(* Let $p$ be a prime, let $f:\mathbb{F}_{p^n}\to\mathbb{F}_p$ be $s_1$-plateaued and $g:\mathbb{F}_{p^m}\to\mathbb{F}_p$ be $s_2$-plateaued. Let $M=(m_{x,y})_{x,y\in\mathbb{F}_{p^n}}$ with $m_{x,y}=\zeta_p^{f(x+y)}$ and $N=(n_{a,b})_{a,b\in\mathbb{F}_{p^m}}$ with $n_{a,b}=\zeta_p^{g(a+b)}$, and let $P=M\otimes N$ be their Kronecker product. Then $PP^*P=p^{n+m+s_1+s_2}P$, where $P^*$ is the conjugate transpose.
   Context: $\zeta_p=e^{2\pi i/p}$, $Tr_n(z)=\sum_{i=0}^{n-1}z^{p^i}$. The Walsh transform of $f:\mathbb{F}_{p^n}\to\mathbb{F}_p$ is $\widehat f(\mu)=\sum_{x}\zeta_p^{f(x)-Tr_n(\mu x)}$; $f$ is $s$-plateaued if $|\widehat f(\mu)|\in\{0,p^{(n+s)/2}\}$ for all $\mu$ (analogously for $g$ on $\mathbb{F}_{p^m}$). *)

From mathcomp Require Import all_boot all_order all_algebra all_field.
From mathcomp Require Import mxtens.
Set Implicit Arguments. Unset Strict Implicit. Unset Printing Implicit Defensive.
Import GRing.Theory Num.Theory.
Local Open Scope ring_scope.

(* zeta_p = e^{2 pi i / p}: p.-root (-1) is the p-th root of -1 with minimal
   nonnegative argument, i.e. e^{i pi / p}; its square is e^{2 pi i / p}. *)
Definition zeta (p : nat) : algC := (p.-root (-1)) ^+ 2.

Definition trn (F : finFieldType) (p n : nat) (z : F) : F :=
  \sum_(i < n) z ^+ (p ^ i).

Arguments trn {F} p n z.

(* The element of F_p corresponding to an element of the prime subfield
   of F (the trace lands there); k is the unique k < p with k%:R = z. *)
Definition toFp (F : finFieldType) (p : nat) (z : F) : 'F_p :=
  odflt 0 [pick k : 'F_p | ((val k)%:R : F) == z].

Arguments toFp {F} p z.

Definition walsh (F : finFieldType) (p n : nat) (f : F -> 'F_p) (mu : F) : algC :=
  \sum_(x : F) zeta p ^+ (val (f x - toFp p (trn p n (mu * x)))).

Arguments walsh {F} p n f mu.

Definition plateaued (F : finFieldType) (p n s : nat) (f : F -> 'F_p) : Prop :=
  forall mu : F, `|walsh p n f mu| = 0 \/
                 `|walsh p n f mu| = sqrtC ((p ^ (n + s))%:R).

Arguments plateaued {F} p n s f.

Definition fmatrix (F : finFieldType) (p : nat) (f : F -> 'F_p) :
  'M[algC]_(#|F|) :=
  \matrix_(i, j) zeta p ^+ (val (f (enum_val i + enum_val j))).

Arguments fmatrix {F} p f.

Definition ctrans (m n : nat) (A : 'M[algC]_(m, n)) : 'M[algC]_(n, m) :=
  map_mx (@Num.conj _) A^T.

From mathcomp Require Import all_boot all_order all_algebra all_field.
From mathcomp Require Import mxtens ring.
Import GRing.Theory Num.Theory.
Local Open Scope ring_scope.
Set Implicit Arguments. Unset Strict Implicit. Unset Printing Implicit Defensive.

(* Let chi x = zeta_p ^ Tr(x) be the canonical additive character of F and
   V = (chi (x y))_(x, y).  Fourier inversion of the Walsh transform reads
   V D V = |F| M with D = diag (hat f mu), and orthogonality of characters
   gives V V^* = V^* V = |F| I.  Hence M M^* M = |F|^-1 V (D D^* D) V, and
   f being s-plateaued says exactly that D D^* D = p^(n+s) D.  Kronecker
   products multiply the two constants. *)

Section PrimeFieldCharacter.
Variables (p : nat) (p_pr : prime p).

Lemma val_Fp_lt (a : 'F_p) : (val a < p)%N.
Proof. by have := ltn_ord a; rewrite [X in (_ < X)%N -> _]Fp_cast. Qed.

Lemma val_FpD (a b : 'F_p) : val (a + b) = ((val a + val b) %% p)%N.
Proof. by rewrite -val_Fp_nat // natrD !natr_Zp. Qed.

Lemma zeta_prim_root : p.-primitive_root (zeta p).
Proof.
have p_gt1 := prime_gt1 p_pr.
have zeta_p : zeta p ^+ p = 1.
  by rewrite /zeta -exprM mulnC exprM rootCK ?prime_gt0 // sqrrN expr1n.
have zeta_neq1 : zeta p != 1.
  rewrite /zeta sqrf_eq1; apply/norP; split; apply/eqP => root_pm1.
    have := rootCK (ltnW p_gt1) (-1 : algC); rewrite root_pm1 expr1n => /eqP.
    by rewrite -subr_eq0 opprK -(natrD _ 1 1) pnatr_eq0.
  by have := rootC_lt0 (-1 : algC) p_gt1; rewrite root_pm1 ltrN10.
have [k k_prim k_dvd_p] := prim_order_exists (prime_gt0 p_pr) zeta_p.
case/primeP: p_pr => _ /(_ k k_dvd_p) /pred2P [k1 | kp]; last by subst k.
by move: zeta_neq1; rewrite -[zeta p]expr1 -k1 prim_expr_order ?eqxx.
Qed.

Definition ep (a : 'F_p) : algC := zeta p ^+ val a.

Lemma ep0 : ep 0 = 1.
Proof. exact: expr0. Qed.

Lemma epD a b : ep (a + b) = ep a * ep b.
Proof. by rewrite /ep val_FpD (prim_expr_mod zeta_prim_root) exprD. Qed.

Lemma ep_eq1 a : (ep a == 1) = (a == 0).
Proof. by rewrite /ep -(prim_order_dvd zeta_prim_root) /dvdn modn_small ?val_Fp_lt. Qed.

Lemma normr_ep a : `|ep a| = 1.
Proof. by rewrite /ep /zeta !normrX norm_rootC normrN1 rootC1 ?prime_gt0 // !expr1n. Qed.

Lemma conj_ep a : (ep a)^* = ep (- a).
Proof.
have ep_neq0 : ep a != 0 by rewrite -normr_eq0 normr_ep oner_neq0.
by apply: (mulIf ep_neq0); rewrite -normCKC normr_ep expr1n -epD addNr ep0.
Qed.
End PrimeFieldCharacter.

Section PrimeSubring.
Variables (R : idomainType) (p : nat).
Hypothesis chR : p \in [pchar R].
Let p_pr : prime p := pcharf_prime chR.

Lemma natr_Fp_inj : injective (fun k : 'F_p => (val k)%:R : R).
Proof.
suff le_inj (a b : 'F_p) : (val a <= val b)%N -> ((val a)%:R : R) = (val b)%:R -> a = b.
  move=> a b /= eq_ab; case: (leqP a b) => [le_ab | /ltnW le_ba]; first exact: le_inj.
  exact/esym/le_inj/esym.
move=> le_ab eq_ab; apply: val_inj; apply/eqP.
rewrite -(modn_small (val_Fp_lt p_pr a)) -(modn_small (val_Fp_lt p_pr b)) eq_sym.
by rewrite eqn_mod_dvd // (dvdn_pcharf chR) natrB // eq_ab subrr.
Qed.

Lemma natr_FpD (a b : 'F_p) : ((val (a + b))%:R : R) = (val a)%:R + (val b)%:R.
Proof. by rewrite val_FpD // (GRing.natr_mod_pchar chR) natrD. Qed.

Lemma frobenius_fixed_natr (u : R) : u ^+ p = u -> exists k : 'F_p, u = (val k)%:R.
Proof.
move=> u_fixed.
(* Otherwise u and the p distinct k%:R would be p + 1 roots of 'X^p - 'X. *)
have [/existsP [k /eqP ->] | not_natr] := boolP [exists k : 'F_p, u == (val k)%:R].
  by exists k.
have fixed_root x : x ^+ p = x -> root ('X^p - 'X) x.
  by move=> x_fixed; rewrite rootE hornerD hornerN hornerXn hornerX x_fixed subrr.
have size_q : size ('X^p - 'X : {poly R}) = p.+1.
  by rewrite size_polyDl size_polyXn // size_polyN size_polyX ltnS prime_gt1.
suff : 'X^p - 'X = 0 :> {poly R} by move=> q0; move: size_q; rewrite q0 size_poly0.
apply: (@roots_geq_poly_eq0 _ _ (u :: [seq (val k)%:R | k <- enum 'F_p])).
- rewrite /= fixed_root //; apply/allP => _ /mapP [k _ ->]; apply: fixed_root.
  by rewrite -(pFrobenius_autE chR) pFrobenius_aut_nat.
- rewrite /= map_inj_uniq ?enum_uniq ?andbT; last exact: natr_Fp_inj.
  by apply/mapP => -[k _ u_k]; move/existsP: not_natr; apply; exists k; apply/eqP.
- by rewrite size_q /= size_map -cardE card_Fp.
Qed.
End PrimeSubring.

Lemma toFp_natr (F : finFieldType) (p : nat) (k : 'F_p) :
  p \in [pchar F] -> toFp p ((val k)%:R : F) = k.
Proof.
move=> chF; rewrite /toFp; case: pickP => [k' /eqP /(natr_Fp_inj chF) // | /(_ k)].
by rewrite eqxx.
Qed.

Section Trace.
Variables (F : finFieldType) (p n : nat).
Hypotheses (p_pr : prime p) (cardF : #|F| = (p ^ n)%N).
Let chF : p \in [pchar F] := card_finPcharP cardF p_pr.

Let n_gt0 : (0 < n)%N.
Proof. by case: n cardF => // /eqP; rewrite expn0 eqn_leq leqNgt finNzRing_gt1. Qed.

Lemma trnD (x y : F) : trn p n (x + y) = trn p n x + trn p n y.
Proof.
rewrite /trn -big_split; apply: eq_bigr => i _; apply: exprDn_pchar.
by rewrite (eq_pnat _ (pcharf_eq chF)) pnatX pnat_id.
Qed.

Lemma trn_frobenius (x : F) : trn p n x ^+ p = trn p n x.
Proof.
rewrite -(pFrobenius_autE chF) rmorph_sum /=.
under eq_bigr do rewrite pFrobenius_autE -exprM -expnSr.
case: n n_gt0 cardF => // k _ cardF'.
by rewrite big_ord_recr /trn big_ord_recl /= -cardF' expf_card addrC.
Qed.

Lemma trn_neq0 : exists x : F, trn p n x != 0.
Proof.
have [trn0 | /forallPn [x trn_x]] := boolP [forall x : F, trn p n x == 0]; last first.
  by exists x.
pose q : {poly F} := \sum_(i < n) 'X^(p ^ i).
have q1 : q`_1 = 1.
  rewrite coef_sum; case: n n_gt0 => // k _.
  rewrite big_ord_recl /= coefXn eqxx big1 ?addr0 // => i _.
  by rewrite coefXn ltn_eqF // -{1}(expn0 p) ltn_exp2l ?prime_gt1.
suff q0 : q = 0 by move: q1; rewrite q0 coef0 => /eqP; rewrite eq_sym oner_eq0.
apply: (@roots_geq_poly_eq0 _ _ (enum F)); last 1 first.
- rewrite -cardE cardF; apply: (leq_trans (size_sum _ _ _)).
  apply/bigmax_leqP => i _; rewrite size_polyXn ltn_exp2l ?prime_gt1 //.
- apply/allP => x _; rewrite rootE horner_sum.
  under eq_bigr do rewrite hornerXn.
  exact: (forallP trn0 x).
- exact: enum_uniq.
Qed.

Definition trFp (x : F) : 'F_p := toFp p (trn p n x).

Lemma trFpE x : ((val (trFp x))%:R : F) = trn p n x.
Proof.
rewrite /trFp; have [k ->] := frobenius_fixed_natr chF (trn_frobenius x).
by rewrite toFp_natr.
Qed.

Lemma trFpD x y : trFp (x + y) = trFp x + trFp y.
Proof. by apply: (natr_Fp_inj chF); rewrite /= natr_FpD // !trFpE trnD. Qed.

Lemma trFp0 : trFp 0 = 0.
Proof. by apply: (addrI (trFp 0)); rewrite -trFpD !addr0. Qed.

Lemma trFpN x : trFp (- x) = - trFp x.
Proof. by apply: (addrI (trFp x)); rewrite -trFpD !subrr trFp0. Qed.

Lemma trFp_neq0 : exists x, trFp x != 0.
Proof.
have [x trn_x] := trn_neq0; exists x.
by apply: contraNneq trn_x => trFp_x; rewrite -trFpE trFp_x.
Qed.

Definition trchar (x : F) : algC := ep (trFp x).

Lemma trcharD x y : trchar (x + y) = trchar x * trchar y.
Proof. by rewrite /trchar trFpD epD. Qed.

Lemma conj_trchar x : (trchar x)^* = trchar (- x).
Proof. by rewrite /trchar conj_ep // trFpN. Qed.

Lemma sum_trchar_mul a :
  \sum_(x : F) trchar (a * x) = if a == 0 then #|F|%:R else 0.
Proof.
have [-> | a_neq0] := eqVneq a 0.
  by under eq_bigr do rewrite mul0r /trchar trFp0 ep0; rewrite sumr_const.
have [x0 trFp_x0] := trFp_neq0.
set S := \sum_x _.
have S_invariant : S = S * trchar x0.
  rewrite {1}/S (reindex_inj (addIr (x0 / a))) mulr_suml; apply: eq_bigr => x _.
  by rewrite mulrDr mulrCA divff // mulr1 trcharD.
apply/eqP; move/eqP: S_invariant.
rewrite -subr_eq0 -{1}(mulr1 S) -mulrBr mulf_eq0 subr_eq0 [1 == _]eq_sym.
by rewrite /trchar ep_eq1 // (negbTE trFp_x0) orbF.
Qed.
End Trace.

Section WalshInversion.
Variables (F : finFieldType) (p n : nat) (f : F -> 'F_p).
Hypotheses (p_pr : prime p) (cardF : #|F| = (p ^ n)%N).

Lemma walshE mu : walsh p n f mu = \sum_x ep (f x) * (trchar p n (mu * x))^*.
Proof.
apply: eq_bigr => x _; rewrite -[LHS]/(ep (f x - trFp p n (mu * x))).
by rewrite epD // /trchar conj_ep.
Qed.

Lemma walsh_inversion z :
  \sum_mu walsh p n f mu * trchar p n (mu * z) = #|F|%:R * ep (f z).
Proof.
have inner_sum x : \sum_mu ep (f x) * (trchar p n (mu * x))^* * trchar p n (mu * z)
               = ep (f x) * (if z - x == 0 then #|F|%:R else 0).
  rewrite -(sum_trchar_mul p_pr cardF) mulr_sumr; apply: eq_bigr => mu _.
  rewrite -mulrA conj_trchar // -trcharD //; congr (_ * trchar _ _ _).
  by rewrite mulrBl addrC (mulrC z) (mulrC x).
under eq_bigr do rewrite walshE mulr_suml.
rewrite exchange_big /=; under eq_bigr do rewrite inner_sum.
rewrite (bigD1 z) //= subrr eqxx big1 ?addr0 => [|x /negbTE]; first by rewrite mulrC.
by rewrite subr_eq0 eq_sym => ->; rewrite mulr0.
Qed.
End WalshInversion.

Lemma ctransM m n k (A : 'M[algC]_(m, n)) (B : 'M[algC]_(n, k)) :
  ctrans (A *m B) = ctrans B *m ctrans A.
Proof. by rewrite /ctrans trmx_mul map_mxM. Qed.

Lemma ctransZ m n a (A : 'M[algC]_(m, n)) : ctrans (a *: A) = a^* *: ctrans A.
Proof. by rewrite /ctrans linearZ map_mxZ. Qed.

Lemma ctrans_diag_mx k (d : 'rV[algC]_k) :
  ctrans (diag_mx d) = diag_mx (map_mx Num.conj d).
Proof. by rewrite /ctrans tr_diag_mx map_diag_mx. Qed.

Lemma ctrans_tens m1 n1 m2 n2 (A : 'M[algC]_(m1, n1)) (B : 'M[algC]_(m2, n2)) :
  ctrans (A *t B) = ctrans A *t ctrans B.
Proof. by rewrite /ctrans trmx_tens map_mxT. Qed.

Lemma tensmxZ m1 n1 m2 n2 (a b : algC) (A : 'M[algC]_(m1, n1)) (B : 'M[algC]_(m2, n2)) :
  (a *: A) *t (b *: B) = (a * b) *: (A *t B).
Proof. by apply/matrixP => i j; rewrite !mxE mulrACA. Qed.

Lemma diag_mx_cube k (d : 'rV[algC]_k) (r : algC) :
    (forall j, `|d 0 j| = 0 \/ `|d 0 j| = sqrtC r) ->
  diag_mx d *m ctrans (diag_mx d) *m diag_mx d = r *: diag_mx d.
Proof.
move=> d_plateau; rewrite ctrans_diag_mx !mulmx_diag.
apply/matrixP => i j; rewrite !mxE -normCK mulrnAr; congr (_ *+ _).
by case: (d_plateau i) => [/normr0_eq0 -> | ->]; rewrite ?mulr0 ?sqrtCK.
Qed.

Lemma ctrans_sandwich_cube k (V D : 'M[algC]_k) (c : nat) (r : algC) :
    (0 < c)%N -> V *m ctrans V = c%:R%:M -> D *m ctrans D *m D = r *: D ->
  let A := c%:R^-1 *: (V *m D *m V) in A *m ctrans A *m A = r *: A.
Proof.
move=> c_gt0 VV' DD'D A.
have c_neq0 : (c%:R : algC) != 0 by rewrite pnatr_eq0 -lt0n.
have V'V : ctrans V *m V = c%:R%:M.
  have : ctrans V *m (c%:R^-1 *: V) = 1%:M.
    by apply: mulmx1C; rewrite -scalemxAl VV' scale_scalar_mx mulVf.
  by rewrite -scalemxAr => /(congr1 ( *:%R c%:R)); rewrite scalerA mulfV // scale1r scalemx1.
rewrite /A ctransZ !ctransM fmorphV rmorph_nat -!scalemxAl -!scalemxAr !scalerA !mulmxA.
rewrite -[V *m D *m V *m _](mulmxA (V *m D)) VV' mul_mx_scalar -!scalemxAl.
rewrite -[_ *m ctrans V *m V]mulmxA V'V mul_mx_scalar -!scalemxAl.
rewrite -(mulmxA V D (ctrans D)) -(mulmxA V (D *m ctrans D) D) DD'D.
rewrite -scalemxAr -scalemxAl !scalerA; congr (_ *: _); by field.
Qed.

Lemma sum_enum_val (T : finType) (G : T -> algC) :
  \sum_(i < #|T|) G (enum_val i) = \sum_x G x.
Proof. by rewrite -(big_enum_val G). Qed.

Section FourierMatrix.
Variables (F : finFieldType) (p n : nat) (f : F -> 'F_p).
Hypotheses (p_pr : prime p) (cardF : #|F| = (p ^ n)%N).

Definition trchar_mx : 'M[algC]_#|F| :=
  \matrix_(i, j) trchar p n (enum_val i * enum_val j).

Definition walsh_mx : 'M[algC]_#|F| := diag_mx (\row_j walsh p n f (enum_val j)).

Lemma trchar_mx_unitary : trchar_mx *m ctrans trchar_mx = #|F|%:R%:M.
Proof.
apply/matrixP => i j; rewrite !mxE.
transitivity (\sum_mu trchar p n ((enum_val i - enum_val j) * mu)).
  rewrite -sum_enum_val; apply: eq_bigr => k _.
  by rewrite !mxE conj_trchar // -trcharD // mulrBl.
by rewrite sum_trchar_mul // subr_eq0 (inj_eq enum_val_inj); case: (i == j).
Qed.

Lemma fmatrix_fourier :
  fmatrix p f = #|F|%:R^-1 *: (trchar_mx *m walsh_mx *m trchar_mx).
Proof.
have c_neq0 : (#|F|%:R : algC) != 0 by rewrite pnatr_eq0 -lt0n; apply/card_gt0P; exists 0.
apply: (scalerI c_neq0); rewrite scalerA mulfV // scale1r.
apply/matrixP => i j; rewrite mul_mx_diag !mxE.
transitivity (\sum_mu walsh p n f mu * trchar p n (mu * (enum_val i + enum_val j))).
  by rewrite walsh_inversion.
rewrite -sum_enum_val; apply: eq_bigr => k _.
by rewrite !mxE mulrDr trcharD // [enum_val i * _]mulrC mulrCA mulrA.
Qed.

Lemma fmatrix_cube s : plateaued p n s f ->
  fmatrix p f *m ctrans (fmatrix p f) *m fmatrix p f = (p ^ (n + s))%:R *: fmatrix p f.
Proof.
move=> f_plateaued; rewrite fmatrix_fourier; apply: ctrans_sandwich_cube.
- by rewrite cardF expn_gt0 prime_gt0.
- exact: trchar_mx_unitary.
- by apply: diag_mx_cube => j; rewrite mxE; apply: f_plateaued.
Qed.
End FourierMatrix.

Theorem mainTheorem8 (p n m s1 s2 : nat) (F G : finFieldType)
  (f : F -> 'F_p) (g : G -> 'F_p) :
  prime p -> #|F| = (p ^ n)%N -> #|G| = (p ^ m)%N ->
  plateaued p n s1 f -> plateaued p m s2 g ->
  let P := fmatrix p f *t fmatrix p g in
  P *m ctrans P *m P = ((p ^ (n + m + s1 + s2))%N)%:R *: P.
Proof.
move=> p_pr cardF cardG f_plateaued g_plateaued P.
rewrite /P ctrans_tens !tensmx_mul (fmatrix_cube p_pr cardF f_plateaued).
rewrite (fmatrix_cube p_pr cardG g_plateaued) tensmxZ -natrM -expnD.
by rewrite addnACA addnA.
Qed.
+ + +
_Directions_. Retype exactly the span of lines from the one with "Lemma tensmxZ m1" through the one with "sqrtC r) ->"; include both ends and omit the rest of the material.

_Answer to the exercise_.
Lemma tensmxZ m1 n1 m2 n2 (a b : algC) (A : 'M[algC]_(m1, n1)) (B : 'M[algC]_(m2, n2)) :
  (a *: A) *t (b *: B) = (a * b) *: (A *t B).
Proof. by apply/matrixP => i j; rewrite !mxE mulrACA. Qed.

Lemma diag_mx_cube k (d : 'rV[algC]_k) (r : algC) :
    (forall j, `|d 0 j| = 0 \/ `|d 0 j| = sqrtC r) ->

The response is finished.